● **Exercise**: From the data below, repeat exactly the lines from the line with "<= Kfun p nu theta." to the line with "(* Let $k$ be", both included.
########
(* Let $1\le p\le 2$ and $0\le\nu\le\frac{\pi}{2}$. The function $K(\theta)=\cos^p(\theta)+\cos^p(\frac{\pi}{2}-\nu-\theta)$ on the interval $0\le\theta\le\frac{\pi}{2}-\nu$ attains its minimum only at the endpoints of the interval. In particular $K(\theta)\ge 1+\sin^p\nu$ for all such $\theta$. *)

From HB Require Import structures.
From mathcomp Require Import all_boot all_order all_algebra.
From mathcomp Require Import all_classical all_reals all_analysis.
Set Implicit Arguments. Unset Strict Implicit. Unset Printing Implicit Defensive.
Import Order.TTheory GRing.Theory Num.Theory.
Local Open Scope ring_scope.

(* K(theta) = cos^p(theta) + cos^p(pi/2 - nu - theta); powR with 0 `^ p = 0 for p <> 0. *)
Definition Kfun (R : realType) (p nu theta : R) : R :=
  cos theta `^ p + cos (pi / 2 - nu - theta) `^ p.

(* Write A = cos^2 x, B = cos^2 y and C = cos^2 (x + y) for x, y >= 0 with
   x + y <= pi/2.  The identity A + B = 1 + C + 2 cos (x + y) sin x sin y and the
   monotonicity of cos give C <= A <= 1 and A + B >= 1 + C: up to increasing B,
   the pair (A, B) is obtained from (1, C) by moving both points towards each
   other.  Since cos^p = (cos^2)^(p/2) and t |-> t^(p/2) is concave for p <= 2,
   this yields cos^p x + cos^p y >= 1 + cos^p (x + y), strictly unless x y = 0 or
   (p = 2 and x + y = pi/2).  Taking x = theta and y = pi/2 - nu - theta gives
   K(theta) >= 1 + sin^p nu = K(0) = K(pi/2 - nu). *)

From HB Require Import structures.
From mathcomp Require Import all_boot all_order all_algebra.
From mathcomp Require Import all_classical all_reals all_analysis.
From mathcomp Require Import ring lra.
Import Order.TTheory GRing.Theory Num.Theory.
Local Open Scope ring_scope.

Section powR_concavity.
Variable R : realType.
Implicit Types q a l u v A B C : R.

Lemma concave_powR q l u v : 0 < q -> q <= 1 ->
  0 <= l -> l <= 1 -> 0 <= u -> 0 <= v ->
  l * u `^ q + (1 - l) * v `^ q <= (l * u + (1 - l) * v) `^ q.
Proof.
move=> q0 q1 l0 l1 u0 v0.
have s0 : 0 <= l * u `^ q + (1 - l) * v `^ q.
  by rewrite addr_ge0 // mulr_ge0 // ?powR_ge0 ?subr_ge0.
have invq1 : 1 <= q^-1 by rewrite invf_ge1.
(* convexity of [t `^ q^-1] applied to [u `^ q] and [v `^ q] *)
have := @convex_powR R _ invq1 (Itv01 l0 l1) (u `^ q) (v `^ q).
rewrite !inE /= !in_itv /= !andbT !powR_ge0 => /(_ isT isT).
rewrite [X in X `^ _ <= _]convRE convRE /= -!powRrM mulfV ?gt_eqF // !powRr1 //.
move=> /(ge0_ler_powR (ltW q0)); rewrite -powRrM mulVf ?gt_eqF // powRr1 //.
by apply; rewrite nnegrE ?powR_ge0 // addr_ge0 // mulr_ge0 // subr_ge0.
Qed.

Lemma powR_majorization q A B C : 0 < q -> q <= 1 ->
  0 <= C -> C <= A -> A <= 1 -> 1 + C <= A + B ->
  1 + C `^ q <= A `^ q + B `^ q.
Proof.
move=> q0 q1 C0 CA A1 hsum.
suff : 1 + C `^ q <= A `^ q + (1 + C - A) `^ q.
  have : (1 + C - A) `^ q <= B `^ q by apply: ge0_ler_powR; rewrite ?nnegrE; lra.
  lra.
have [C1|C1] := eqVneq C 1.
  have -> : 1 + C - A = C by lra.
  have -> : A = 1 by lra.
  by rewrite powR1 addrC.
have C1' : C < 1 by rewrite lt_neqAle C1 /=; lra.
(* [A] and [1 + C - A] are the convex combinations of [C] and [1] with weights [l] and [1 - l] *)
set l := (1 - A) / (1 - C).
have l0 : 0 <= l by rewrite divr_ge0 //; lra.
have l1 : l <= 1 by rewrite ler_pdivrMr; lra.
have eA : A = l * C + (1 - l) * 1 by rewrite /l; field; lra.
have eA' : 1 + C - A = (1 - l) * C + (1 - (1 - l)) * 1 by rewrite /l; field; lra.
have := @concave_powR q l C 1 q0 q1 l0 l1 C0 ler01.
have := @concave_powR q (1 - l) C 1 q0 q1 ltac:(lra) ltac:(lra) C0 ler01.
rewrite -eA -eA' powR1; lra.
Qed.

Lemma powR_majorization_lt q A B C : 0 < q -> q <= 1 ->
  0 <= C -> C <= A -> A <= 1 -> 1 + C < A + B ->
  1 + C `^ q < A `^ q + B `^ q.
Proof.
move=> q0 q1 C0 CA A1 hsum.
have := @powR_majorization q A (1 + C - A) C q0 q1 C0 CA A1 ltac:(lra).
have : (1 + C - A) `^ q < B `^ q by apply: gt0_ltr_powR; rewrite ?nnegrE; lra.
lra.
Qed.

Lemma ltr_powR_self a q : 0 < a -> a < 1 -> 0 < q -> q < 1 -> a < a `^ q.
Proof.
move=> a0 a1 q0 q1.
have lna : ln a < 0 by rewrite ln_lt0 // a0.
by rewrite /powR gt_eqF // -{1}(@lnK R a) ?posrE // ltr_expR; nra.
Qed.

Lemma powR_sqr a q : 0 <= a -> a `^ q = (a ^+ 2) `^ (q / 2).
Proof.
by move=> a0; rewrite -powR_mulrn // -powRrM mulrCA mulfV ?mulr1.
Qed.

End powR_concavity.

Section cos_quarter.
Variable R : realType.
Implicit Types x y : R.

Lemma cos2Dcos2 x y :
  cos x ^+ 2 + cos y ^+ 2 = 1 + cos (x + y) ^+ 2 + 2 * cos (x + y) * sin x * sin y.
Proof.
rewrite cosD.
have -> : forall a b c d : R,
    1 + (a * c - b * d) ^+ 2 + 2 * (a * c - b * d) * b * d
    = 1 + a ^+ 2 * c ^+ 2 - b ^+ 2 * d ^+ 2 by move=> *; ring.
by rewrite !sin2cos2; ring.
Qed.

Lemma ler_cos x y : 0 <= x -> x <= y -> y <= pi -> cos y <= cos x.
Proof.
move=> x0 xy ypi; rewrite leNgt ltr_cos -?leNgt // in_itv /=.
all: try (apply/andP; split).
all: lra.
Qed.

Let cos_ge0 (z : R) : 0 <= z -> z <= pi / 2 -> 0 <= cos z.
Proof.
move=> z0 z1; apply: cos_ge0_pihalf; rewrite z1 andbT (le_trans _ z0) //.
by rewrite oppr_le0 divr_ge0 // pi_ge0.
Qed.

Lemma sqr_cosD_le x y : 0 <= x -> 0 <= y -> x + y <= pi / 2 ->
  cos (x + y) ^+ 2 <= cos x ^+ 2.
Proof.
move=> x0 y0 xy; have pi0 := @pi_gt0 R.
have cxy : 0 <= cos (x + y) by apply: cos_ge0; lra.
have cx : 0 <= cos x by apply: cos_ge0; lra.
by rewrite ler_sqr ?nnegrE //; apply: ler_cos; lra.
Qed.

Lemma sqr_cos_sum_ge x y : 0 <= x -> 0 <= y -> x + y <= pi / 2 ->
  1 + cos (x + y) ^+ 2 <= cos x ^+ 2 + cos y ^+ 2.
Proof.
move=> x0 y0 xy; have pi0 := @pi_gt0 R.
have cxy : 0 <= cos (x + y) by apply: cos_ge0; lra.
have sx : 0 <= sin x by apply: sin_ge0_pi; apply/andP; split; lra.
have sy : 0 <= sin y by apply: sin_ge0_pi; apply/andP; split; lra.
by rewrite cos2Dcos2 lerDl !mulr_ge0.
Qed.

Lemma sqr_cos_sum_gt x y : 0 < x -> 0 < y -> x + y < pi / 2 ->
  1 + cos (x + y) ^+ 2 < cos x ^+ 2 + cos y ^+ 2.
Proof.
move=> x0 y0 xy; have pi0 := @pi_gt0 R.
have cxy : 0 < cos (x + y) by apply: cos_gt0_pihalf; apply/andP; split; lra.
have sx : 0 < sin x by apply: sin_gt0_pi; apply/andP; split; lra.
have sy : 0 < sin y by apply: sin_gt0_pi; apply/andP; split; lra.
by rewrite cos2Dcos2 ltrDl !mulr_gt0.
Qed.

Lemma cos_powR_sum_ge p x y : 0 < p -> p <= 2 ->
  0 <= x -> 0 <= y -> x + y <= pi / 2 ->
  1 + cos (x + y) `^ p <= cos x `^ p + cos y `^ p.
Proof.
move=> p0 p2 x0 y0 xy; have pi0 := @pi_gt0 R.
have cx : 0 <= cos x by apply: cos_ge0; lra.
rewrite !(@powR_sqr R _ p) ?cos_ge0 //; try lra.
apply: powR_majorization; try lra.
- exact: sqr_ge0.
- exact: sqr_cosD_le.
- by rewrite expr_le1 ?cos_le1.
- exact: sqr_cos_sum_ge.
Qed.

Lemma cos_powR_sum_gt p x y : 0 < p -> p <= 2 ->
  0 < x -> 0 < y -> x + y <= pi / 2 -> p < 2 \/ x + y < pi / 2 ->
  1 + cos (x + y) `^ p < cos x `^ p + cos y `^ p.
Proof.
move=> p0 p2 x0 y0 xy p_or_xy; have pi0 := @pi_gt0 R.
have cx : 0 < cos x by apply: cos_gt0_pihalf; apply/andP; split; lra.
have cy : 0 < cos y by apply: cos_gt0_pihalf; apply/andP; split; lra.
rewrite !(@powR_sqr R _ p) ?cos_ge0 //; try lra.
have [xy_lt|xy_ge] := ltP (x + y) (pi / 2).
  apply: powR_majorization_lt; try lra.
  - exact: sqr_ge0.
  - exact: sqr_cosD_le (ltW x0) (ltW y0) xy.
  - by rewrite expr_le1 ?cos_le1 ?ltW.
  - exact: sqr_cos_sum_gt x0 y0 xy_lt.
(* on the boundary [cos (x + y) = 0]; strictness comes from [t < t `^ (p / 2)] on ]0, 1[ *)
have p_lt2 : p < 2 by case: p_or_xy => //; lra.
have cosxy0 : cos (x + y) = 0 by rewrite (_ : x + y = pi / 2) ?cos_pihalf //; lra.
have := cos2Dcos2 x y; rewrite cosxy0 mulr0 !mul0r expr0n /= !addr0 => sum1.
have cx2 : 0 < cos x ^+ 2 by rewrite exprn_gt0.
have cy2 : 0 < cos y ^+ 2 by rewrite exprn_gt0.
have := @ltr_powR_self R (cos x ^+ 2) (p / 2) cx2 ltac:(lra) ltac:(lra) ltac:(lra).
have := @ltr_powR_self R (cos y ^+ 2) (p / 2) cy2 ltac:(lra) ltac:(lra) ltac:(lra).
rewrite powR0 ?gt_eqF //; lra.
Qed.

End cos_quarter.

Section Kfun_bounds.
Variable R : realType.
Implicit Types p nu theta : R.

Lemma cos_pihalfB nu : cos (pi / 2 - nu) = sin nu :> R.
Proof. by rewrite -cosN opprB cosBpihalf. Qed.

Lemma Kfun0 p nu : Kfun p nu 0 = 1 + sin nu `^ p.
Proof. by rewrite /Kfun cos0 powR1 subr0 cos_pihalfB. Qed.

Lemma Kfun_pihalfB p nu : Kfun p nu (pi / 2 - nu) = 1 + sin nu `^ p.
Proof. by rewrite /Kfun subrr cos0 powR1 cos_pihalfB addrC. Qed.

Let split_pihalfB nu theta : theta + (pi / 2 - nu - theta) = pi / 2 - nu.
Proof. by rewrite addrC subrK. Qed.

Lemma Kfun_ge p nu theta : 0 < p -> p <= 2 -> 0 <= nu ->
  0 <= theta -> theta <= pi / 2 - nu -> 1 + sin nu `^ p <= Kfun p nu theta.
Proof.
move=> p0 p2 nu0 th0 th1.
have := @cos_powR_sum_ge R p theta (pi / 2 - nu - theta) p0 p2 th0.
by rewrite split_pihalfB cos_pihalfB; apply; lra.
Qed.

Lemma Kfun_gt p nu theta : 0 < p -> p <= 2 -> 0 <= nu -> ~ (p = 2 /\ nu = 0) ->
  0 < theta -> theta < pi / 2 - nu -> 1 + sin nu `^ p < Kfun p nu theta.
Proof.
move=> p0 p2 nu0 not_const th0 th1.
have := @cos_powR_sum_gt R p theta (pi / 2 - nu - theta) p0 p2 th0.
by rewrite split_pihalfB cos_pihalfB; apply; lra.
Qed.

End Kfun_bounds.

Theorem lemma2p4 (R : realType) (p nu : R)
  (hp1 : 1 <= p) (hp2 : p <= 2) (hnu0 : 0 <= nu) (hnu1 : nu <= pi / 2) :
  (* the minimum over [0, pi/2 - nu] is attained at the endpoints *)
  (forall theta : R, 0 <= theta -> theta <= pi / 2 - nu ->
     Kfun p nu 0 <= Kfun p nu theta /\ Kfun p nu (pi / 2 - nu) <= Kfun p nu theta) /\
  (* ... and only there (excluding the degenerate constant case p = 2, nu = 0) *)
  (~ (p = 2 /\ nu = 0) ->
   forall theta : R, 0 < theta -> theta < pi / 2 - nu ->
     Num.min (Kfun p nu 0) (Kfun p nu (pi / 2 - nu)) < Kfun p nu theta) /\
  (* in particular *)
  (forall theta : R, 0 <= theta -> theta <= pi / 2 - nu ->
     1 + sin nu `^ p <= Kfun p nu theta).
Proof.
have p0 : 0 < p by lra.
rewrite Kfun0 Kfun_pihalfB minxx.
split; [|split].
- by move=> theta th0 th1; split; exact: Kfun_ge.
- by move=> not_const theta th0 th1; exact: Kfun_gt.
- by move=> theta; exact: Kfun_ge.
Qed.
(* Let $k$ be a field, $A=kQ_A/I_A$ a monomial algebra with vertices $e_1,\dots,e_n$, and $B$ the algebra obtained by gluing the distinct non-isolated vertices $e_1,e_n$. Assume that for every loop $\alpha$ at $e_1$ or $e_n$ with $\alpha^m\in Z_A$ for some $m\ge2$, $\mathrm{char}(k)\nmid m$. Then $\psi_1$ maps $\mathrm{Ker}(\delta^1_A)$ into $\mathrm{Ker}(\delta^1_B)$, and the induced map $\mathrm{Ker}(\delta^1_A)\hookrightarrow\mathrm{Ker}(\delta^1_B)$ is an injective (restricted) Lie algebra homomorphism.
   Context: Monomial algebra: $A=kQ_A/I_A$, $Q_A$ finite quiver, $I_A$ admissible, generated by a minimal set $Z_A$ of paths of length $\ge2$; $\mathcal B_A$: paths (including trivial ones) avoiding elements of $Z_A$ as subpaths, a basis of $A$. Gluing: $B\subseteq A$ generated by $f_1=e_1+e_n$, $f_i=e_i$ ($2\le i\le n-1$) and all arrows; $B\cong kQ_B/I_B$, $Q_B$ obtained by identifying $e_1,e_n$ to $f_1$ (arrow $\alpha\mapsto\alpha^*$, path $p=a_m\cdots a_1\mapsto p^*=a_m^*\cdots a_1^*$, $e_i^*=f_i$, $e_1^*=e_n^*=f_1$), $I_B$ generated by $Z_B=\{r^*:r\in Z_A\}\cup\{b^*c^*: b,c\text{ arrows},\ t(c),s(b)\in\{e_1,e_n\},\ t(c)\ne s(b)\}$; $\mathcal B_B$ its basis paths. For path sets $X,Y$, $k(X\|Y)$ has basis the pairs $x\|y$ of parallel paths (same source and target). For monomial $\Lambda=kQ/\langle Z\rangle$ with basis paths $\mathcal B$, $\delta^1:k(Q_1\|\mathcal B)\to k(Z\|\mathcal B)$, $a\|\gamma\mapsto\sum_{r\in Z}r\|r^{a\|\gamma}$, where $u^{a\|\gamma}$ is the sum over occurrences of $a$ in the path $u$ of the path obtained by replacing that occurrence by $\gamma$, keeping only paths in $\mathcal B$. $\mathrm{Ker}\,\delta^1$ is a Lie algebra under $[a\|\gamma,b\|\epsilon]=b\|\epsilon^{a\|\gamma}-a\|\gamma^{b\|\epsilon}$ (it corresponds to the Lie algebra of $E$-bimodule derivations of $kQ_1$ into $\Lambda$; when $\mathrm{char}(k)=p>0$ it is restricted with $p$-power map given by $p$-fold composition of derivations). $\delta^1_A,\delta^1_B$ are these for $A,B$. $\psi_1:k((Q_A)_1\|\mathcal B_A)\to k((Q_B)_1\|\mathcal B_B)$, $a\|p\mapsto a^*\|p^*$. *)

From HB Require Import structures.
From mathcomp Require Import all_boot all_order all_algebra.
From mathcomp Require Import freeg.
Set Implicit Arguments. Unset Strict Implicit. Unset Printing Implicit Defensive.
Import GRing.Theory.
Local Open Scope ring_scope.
########
● **Written answer**:
  0 <= theta -> theta <= pi / 2 - nu -> 1 + sin nu `^ p <= Kfun p nu theta.
Proof.
move=> p0 p2 nu0 th0 th1.
have := @cos_powR_sum_ge R p theta (pi / 2 - nu - theta) p0 p2 th0.
by rewrite split_pihalfB cos_pihalfB; apply; lra.
Qed.

Lemma Kfun_gt p nu theta : 0 < p -> p <= 2 -> 0 <= nu -> ~ (p = 2 /\ nu = 0) ->
  0 < theta -> theta < pi / 2 - nu -> 1 + sin nu `^ p < Kfun p nu theta.
Proof.
move=> p0 p2 nu0 not_const th0 th1.
have := @cos_powR_sum_gt R p theta (pi / 2 - nu - theta) p0 p2 th0.
by rewrite split_pihalfB cos_pihalfB; apply; lra.
Qed.

End Kfun_bounds.

Theorem lemma2p4 (R : realType) (p nu : R)
  (hp1 : 1 <= p) (hp2 : p <= 2) (hnu0 : 0 <= nu) (hnu1 : nu <= pi / 2) :
  (* the minimum over [0, pi/2 - nu] is attained at the endpoints *)
  (forall theta : R, 0 <= theta -> theta <= pi / 2 - nu ->
     Kfun p nu 0 <= Kfun p nu theta /\ Kfun p nu (pi / 2 - nu) <= Kfun p nu theta) /\
  (* ... and only there (excluding the degenerate constant case p = 2, nu = 0) *)
  (~ (p = 2 /\ nu = 0) ->
   forall theta : R, 0 < theta -> theta < pi / 2 - nu ->
     Num.min (Kfun p nu 0) (Kfun p nu (pi / 2 - nu)) < Kfun p nu theta) /\
  (* in particular *)
  (forall theta : R, 0 <= theta -> theta <= pi / 2 - nu ->
     1 + sin nu `^ p <= Kfun p nu theta).
Proof.
have p0 : 0 < p by lra.
rewrite Kfun0 Kfun_pihalfB minxx.
split; [|split].
- by move=> theta th0 th1; split; exact: Kfun_ge.
- by move=> not_const theta th0 th1; exact: Kfun_gt.
- by move=> theta; exact: Kfun_ge.
Qed.
(* Let $k$ be a field, $A=kQ_A/I_A$ a monomial algebra with vertices $e_1,\dots,e_n$, and $B$ the algebra obtained by gluing the distinct non-isolated vertices $e_1,e_n$. Assume that for every loop $\alpha$ at $e_1$ or $e_n$ with $\alpha^m\in Z_A$ for some $m\ge2$, $\mathrm{char}(k)\nmid m$. Then $\psi_1$ maps $\mathrm{Ker}(\delta^1_A)$ into $\mathrm{Ker}(\delta^1_B)$, and the induced map $\mathrm{Ker}(\delta^1_A)\hookrightarrow\mathrm{Ker}(\delta^1_B)$ is an injective (restricted) Lie algebra homomorphism.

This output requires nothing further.